Stored data entries
-----

Lemma dot_p_y : dot n p y = cos r.
Proof. rewrite <- Hpy; symmetry; apply cos_gdist; auto. Qed.

Lemma dot_p_gamma s : r <= s <= PI -> dot n p (gamma s) = cos s.
Proof. intros Hs; rewrite <- (Hgp s Hs) at 2; symmetry; apply cos_gdist; auto. Qed.

Lemma dot_y_x_lt1 : dot n y x < 1.
Proof.
  destruct (sphere_dot_bound n y x Hy Hx) as [_ [Hlt|Heq]]; [exact Hlt|].
  exfalso; apply Hxy; intros i Hi; symmetry; apply (sphere_dot_eq1 n y x); auto.
Qed.

Lemma gamma_great_circle s : r <= s <= PI ->
  veq n (gamma s) (fun i => sin (r - s) / sin r * p i + sin s / sin r * y i).
Proof.
  intros Hs; pose proof sin_r_gt0.
  apply sphere_great_circle; auto; try lra.
  - exact dot_p_y.
  - rewrite dot_comm; apply dot_p_gamma, Hs.
  - rewrite <- (dot_veq n (gamma s) (gamma s) (gamma r) y) by easy.
    rewrite <- cos_gdist, Hgd, Rabs_right by (try apply Hg; lra); reflexivity.
Qed.

Lemma dot_gamma_x s : r <= s <= PI ->
  dot n (gamma s) x = harmonic (cos r) ((dot n y x - cos r ^ 2) / sin r) s.
Proof.
  intros Hs; pose proof sin_r_gt0.
  rewrite (dot_veq n _ _ x x (gamma_great_circle s Hs)) by (intros i _; reflexivity).
  rewrite dot_plus_l, !dot_scal_l, dot_p_x, sin_minus; unfold harmonic; field; lra.
Qed.

Lemma dot_gamma_x_lt1 s : r <= s <= PI -> dot n (gamma s) x < 1.
Proof.
  intros Hs.
  destruct (sphere_dot_bound n (gamma s) x (Hg s Hs) Hx) as [_ [Hlt|Heq]]; [exact Hlt|].
  exfalso; pose proof (sphere_dot_eq1 n _ _ (Hg s Hs) Hx Heq) as Hgx.
  assert (Hsr : s = r).
  { apply cos_inj; try lra.
    rewrite <- dot_p_x, <- (dot_p_gamma s Hs).
    apply dot_veq; auto; intros i _; reflexivity. }
  subst s; apply Hxy; intros i Hi; rewrite <- Hgx, Hg0; auto.
Qed.

Lemma dot_grad_p_x v :
  dot n v (grad_dist n p x) = (cos r * dot n v x - dot n v p) / sin r.
Proof. pose proof sin_r_gt0; rewrite dot_grad_dist; rewrite Hpx; [reflexivity | lra]. Qed.

Lemma harmonic_gamma_lt1 s : r <= s <= PI ->
  harmonic (cos r) ((dot n y x - cos r ^ 2) / sin r) s < 1.
Proof. intros Hs; rewrite <- dot_gamma_x by exact Hs; apply dot_gamma_x_lt1, Hs. Qed.

Lemma ex_RInt_Zfield_integrand i : (i <= n)%nat ->
  ex_RInt (fun s => hfun r s * Psi n (gamma s) x i) r PI.
Proof.
  intros Hi; pose proof sin_r_gt0.
  set (u := harmonic (cos r) ((dot n y x - cos r ^ 2) / sin r)).
  apply (ex_RInt_ext (fun s => hfun r s * ((2 - u s)
    * (sin (r - s) / sin r * p i + sin s / sin r * y i - u s * x i)
    / (3 * (1 - u s) ^ 2)))).
  - rewrite Rmin_left, Rmax_right by lra; intros s Hs.
    assert (Hs' : r <= s <= PI) by lra.
    rewrite Psi_sphere by auto using dot_gamma_x_lt1.
    rewrite (gamma_great_circle s Hs' i Hi), dot_gamma_x by exact Hs'; reflexivity.
  - apply (@ex_RInt_continuous R_CompleteNormedModule).
    rewrite Rmin_left, Rmax_right by lra; intros s Hs.
    pose proof (harmonic_gamma_lt1 s Hs).
    apply (@ex_derive_continuous R_AbsRing R_NormedModule).
    unfold u, hfun, harmonic in *; auto_derive.
    replace (cos r * (cos r * 1)) with (cos r ^ 2) by ring.
    apply Rmult_integral_contrapositive; split; [lra|]; rewrite Rmult_1_r.
    apply Rmult_integral_contrapositive; split; lra.
Qed.

Lemma dot_Zfield_integrand_grad s : r <= s <= PI ->
  let u := harmonic (cos r) ((dot n y x - cos r ^ 2) / sin r) s in
  dot n (fun i => hfun r s * Psi n (gamma s) x i) (grad_dist n p x)
  = - (cos r / (3 * sin r ^ 3))
    * (sin s * (2 - u) * (cos s - cos r * u) / (1 - u) ^ 2).
Proof.
  intros Hs u; pose proof sin_r_gt0; pose proof (harmonic_gamma_lt1 s Hs) as Hu.
  rewrite dot_scal_l, dot_Psi, !dot_grad_p_x by auto using dot_gamma_x_lt1.
  rewrite (dot_comm n (gamma s) p), (dot_comm n x p), dot_p_gamma, dot_p_x, Hx, dot_gamma_x
    by exact Hs.
  fold u in Hu |- *; unfold hfun; field; split; lra.
Qed.

Lemma dot_Zfield_grad :
  let c := dot n y x in
  dot n (Zfield n r y gamma x) (grad_dist n p x)
  = - (2 - c) * cos r / (3 * sin r * (1 - c))
    - cos r / (3 * sin r ^ 3) * (cos r + cos r ^ 2 - sin r ^ 2 / (1 - c)).
Proof.
  intros c; unfold c; pose proof sin_r_gt0; pose proof dot_y_x_lt1.
  assert (0 < cos r) by (apply cos_gt_0; lra).
  unfold Zfield; rewrite dot_plus_l, <- RInt_dot by exact ex_RInt_Zfield_integrand.
  rewrite dot_Psi, !dot_grad_p_x, (dot_comm n y p), (dot_comm n x p), dot_p_y, dot_p_x, Hx
    by auto.
  set (u := harmonic (cos r) ((dot n y x - cos r ^ 2) / sin r)).
  rewrite (RInt_ext _ (fun s => - (cos r / (3 * sin r ^ 3))
    * (sin s * (2 - u s) * (cos s - cos r * u s) / (1 - u s) ^ 2))).
  2: { rewrite Rmin_left, Rmax_right by lra; intros s Hs.
       apply dot_Zfield_integrand_grad; lra. }
  erewrite is_RInt_unique.
  2: { apply (@is_RInt_scal R_NormedModule), is_RInt_harmonic_ratio; [lra|].
       intros s Hs; apply Rlt_not_eq, harmonic_gamma_lt1, Hs. }
  unfold scal; simpl; unfold mult; simpl.
  unfold u, harmonic; rewrite sin_PI, cos_PI.
  replace (cos r * cos r + (dot n y x - cos r ^ 2) / sin r * sin r) with (dot n y x)
    by (field; lra).
  field; repeat split; nra.
Qed.

End BoundaryPoint.

Theorem lemma3p2 (n : nat) (p y : nat -> R) (R0 : R) (gamma : R -> nat -> R) :
  on_sphere n p ->
  0 < R0 < PI / 2 ->
  (* y in the boundary of B_R *)
  on_sphere n y -> gdist n p y = R0 ->
  (* gamma : [R,pi] -> S^n unit-speed minimizing geodesic from y to -p *)
  (forall s, R0 <= s <= PI -> on_sphere n (gamma s)) ->
  veq n (gamma R0) y ->
  veq n (gamma PI) (vopp p) ->
  (forall s t, R0 <= s <= PI -> R0 <= t <= PI ->
     gdist n (gamma s) (gamma t) = Rabs (s - t)) ->
  (forall s, R0 <= s <= PI -> gdist n p (gamma s) = s) ->
  forall x : nat -> R,
    on_sphere n x -> gdist n p x = R0 -> ~ veq n x y ->
    - 3 * tan R0 * dot n (Zfield n R0 y gamma x) (grad_dist n p x)
    = 1 + RInt (hfun R0) R0 PI.
Proof.
  intros Hp HR Hy Hpy Hg Hg0 _ Hgd Hgp x Hx Hpx Hxy.
  pose proof (sin_r_gt0 R0 HR).
  assert (0 < cos R0) by (apply cos_gt_0; lra).
  pose proof (dot_y_x_lt1 n y x Hy Hx Hxy).
  rewrite (dot_Zfield_grad n p y x R0 gamma), RInt_hfun, cos_PI by auto.
  unfold tan; field; repeat split; lra.
Qed.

-----

Work instructions
Considering each line of the records on its own, count those that contain "symmetry" and give only that number.

Answer section
3